= 1719 in piracy =

See also 1718 in piracy, 1720 in piracy, 1719 and Timeline of piracy.

==Events==
- July 2 – The King's Pardon is no longer available.

===Caribbean Sea===
- Late February – Charles Vane's sloop is wrecked in the Bay of Honduras by a waterspout. Most of the pirates are drowned, and Vane is stranded on an island. He is rescued some weeks later, but is subsequently recognized and turned over to the constabulary in Jamaica.
- February – early May – John Rackham's pirates bury their treasure on the Island of Princes.

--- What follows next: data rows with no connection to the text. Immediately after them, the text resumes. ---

(* Let $\gamma$ be a Gutkin curve with contact angle $\alpha$ on the unit sphere $\mathbb{S}^2$, with geodesic curvature $\kappa$, arc-length coordinate $s$ and chord parameterizations $x(t),y(t)$, where the parameter $t$ is chosen so that $\frac{dx}{dt}=\frac{a}{\sqrt{\kappa^2(x)+\sin^2\alpha}}$ and $\frac{dy}{dt}=\frac{a}{\sqrt{\kappa^2(y)+\sin^2\alpha}}$ for a constant $a>0$. Define the function $f$ on $\gamma$, with values in $(0,\pi)$, by $\cot f=\kappa/\sin\alpha$, and set $f_1(t)=f(x(t))$, $f_2(t)=f(y(t))$. Then $$f_1'(t)+f_2'(t)=a\cot\alpha\,\big(\sin f_2(t)-\sin f_1(t)\big).$$
   Context: A smooth convex oriented closed curve $C$ on $\mathbb{S}^2$ is a Gutkin curve with contact angle $\alpha\in(0,\pi]$ if there are parameterizations $x(t),y(t)$ of $C$ with $x'(t),y'(t)>0$, $x(t)\ne y(t)$, such that for every $t$ the geodesic chord from $x(t)$ to $y(t)$ makes angle $\alpha$ with $C$ at both ends: at $x(t)$ the angle between the positively oriented tangent and the chord direction towards $y(t)$, and at $y(t)$ the angle between the chord direction (from $x(t)$ towards $y(t)$) and the positively oriented tangent. With this convention, if $L(x,y)$ is the length of the chord, then $\partial L/\partial x=-\cos\alpha$ and $\partial L/\partial y=\cos\alpha$ along the family. *)

From Stdlib Require Import Reals.
From Coquelicot Require Import Coquelicot.
Open Scope R_scope.
Lemma nu_region h : admissible h -> nu (region h) = (vol h)%:E.
Proof.
move=> adm; have [_ [nu_ge0 [nu_mono _]]] := nu_val.
have oh := open_region adm.
rewrite /vol fineK // ge0_fin_numE ?nu_ge0 //.
by apply: le_lt_trans nu_bd; apply: nu_mono => //; apply: openJT.
Qed.

Lemma vol_ge0 h : admissible h -> 0 <= vol h.
Proof.
by move=> adm; rewrite -lee_fin -nu_region //; case: nu_val => _ [-> //]; apply: open_region.
Qed.

Lemma vol_antitone h1 h2 : admissible h1 -> admissible h2 -> ple h1 h2 -> vol h2 <= vol h1.
Proof.
move=> adm1 adm2 le12; rewrite -lee_fin -!nu_region //.
by case: nu_val => _ [_ [-> //]]; [apply: open_region.. | apply: region_antitone].
Qed.

Lemma vol_ext h1 h2 : h1 =1 h2 -> vol h1 = vol h2.
Proof. by move=> /region_ext e; rewrite /vol e. Qed.

Lemma vol_modular h1 h2 : admissible h1 -> admissible h2 ->
  vol (pmin h1 h2) + vol (pmax h1 h2) = vol h1 + vol h2.
Proof.
move=> adm1 adm2; case: nu_val => _ [_ [_ modular]].
have := modular _ _ (open_region adm1) (open_region adm2).
rewrite -region_pmin -region_pmax !nu_region -?EFinD => [[->]||||] //.
- exact: admissible_pmax.
- exact: admissible_pmin.
Qed.

Definition column_vol c y := vol (upd (background c) c y).

Lemma vol_upd_shift V W c y : admissible V -> admissible W -> ple V W -> V c = W c ->
  admissible (upd V c y) -> admissible (upd W c y) ->
  vol (upd V c y) - vol V = vol (upd W c y) - vol W.
Proof.
move=> admV admW VW eVW admV' admW'; case/orP: (ole_total (V c) y) => [Vy|yV].
- have emin : pmin (upd V c y) W =1 V.
    by move=> a; rewrite /pmin /upd; case: eqP => [->|_]; [rewrite -eVW omin_r | rewrite omin_l].
  have emax : pmax (upd V c y) W =1 upd W c y.
    by move=> a; rewrite /pmax /upd; case: eqP => [->|_]; [rewrite -eVW omax_l | rewrite omax_r].
  by have := vol_modular admV' admW; rewrite (vol_ext emin) (vol_ext emax); lra.
- have emin : pmin V (upd W c y) =1 upd V c y.
    by move=> a; rewrite /pmin /upd; case: eqP => [->|_]; [rewrite omin_r | rewrite omin_l].
  have emax : pmax V (upd W c y) =1 W.
    move=> a; rewrite /pmax /upd; case: eqP => [->|_]; last by rewrite omax_r.
    by rewrite eVW omax_l -?eVW.
  by have := vol_modular admV admW'; rewrite (vol_ext emin) (vol_ext emax); lra.
Qed.
(* If $n\ge 1$ and $k\ge 2$ are integers, then the $k$-Pell graph $\Pi_{n,k}$ is a median graph.
   Context: For an integer $k\ge 2$, a $k$-Pell string is a finite word over the alphabet $\{0,1,\ldots,k-1,kk\}$, i.e. a word over $\{0,1,\ldots,k\}$ in which every maximal run of the letter $k$ has even length. For $n\ge 0$, the $k$-Pell graph $\Pi_{n,k}$ has as vertices all $k$-Pell strings of length $n$, and two vertices are adjacent if one is obtained from the other either by replacing a single letter $i$ by $i+1$ (or vice versa) for some $i\in\{0,1,\ldots,k-2\}$, or by replacing one factor $(k-1)(k-1)$ by $kk$ (or vice versa), in such a way that the resulting string is again a $k$-Pell string. A connected graph $G$ is a median graph if every triple $x,y,z$ of vertices has a unique median, i.e. a unique vertex lying simultaneously on a shortest $x,y$-path, a shortest $x,z$-path and a shortest $y,z$-path. *)

From mathcomp Require Import all_boot.
Set Implicit Arguments. Unset Strict Implicit. Unset Printing Implicit Defensive.

(* k-Pell strings: words over {0,...,k} that parse as words over the
   alphabet {0,1,...,k-1,kk}; i.e. every letter is <= k and every maximal
   run of the letter k has even length. *)
Fixpoint pell_word (k : nat) (s : seq nat) : bool :=
  match s with
  | [::] => true
  | a :: t =>
      if a == k then
        match t with
        | b :: t' => (b == k) && pell_word k t'
        | [::] => false
        end
      else (a < k) && pell_word k t
  end.

Definition pell_vertex (n k : nat) (s : seq nat) : Prop :=
  size s = n /\ pell_word k s.

Definition pell_step1 (k : nat) (u v : seq nat) : Prop :=
  exists p j, p < size u /\ j.+1 < k /\ nth 0 u p = j /\ v = set_nth 0 u p j.+1.

Definition pell_step2 (k : nat) (u v : seq nat) : Prop :=
  exists p, p.+1 < size u /\ nth 0 u p = k.-1 /\ nth 0 u p.+1 = k.-1 /\
            v = set_nth 0 (set_nth 0 u p k) p.+1 k.

Definition pell_adj (n k : nat) (u v : seq nat) : Prop :=
  pell_vertex n k u /\ pell_vertex n k v /\
  (pell_step1 k u v \/ pell_step1 k v u \/ pell_step2 k u v \/ pell_step2 k v u).

Section Graphs.
Variables (V : eqType) (vert : V -> Prop) (adj : V -> V -> Prop).

(* walk x p : x :: p is a walk (consecutive vertices adjacent); its end is
   last x p and its length is size p. *)
Fixpoint walk (x : V) (p : seq V) : Prop :=
  match p with
  | [::] => vert x
  | y :: p' => adj x y /\ walk y p'
  end.

Definition connected_graph : Prop :=
  forall x y, vert x -> vert y -> exists p, walk x p /\ last x p = y.

Definition on_shortest_path (x y w : V) : Prop :=
  exists p, walk x p /\ last x p = y /\ w \in x :: p /\
    forall q, walk x q -> last x q = y -> size p <= size q.

Definition is_median (x y z m : V) : Prop :=
  vert m /\ on_shortest_path x y m /\ on_shortest_path x z m /\
  on_shortest_path y z m.

Definition median_graph : Prop :=
  connected_graph /\
  forall x y z, vert x -> vert y -> vert z ->
    exists m, is_median x y z m /\ forall m', is_median x y z m' -> m' = m.
End Graphs.

Definition pell_graph_median (n k : nat) : Prop :=
  median_graph (pell_vertex n k) (pell_adj n k).

From mathcomp Require Import all_boot ssrint zify.
Set Implicit Arguments. Unset Strict Implicit.
Lemma far_pair_shrink s m :
  4 <= m -> 2 * m <= n -> dist_ge3 adj (u s) (u (s + m)) ->
  dist_ge3 adj (u s) (u (s + (m - 1))) \/
  dist_ge3 adj (u (s + 1)) (u (s + 1 + (m - 1))).
Proof.
  intros Hm Hn Hfar.
  replace (s + (m - 1)) with (s + m - 1) by lia.
  replace (s + 1 + (m - 1)) with (s + m) by lia.
  apply NNPP. intros [Hpred Hsucc]%not_or_and.
  apply (far_pair_no_hexagon s m Hm Hn Hfar).
  - apply far_pair_pred_adj; [lia|exact Hfar|exact Hpred].
  - apply far_pair_succ_adj; [lia|exact Hfar|exact Hsucc].
Qed.

Lemma far_pair_consecutive m s :
  dist_ge3 adj (u s) (u (s + m)) ->
  exists i, i < n /\ 3 < n /\ dist_ge3 adj (u i) (u (i + 3)).
Proof.
  revert s. induction m as [m IH] using lt_wf_ind. intros s Hfar.
  pose proof (dist_ge3_arc s m Hfar) as Hm.
  destruct (le_lt_dec n m) as [Hnm|Hmn].
  { apply (IH (m - n) ltac:(lia) s).
    rewrite <- (u_periodic (s + (m - n))). now replace (s + (m - n) + n) with (s + m) by lia. }
  destruct (Nat.eq_dec m 3) as [->|Hm3].
  { exists (s mod n). split; [now apply Nat.mod_upper_bound; lia|split; [lia|]].
    pose proof (u_mod_add s 0) as Hs. rewrite !Nat.add_0_r in Hs.
    now rewrite Hs, u_mod_add. }
  destruct (lt_dec n (2 * m)) as [Hlong|Hshort].
  { apply (IH (n - m) ltac:(lia) (s + m)).
    replace (s + m + (n - m)) with (s + n) by lia. rewrite u_periodic.
    now apply dist_ge3_sym. }
  destruct (far_pair_shrink s m ltac:(lia) ltac:(lia) Hfar) as [Hfar'|Hfar'];
    exact (IH (m - 1) ltac:(lia) _ Hfar').
Qed.

End MinimalCircuit.
End PeriodicCircuit.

They then await news of the King's Pardon, but are instead attacked by two English sloops out of Jamaica. Their ship Kingston is captured, but the pirates escape inland into Cuba.
- May – Rackham and his crew are belatedly granted the King's Pardon by Governor Woodes Rogers at New Providence.

===South America===
- September – Bartholomew Roberts' pirates overcome a Portuguese merchantman off Bahia and pillage 40,000 gold moidores and many jewels.
- November – Captain Robert Semple in the Flying King and Captain Robert Lane in the Queen Ann's Revenge attack Portuguese shipping off Brazil. A Portuguese man-of-war gives chase; Queen Anne's Revenge escapes but wrecks on the coast, while Flying King is driven ashore and 38 of the pirates are hanged.

===Indian Ocean===
- June–July – Captain Condent in the Flying Dragon arrives in Madagascar, rescuing some of Halsey's old crew.

===West Africa===
- February–March – Howell Davis makes an unsuccessful assault against the Portuguese fort on Maio in the Cape Verde islands.
- March 25 – June 27 – Edward England cruises from the Gambia River to Cape Corso in the full-rigged ship Royal James (formerly Pearll), capturing nine vessels en route, and recruiting 55 men into his crew. Four of the captured vessels are burnt, and two are commandeered to start new pirate crews.
- March – Howell Davis plunders Gambia Castle without the loss of a man, stealing £2,000 worth of bar gold. Davis then joins with Olivier Levasseur and Thomas Cocklyn to attack the fort on Bunce Island in Sierra Leone, driving the garrison away.
- April 1 – The Bird Galley is captured by Thomas Cocklyn's pirates in the mouth of the Rokel River in Sierra Leone, and her captain, William Snelgrave, taken prisoner by Cocklyn and his confederates, Howell Davis and Olivier Levasseur ("La Buse"). Snelgrave's account of his captivity will become one of the major primary sources on pirate life.
- May – Howell Davis sails eastward along the Guinea Coast from Sierra Leone to Anomabu, taking eight vessels, including the Princess, whose mate, Bartholomew Roberts, is forced to join the pirates. Another of the victims is a thirty-gun Dutch ship, which Davis commandeers and renames the Rover. A third contains the Dutch governor of Accra, and yields over £15,000 in booty.
- Summer – Captain England attacks two ships in the roadstead of Cape Coast Castle with a fire ship, but is beaten off. England's men then careen and stay in an African town, and provoking a conflict with the inhabitants, the pirates attack and set the town afire. England then sails for Madagascar.
- June – Howell Davis ransacks a French ship in the harbor of Príncipe. He then tries to kidnap the Portuguese governor of Príncipe, but is found out and killed in an ambush. His men elect Bartholomew Roberts to succeed him. Roberts and his pirates attack the governor's castle, drive away the garrison, dismount the cannon, and burn the castle. They also burn two Portuguese ships in the harbor. Roberts then captures two vessels on the Guinea Coast, and sails for Brazil.

==Deaths==
- June – Howell Davis, pirate captain.
- November – Robert Semple and Robert Lane, pirate captains.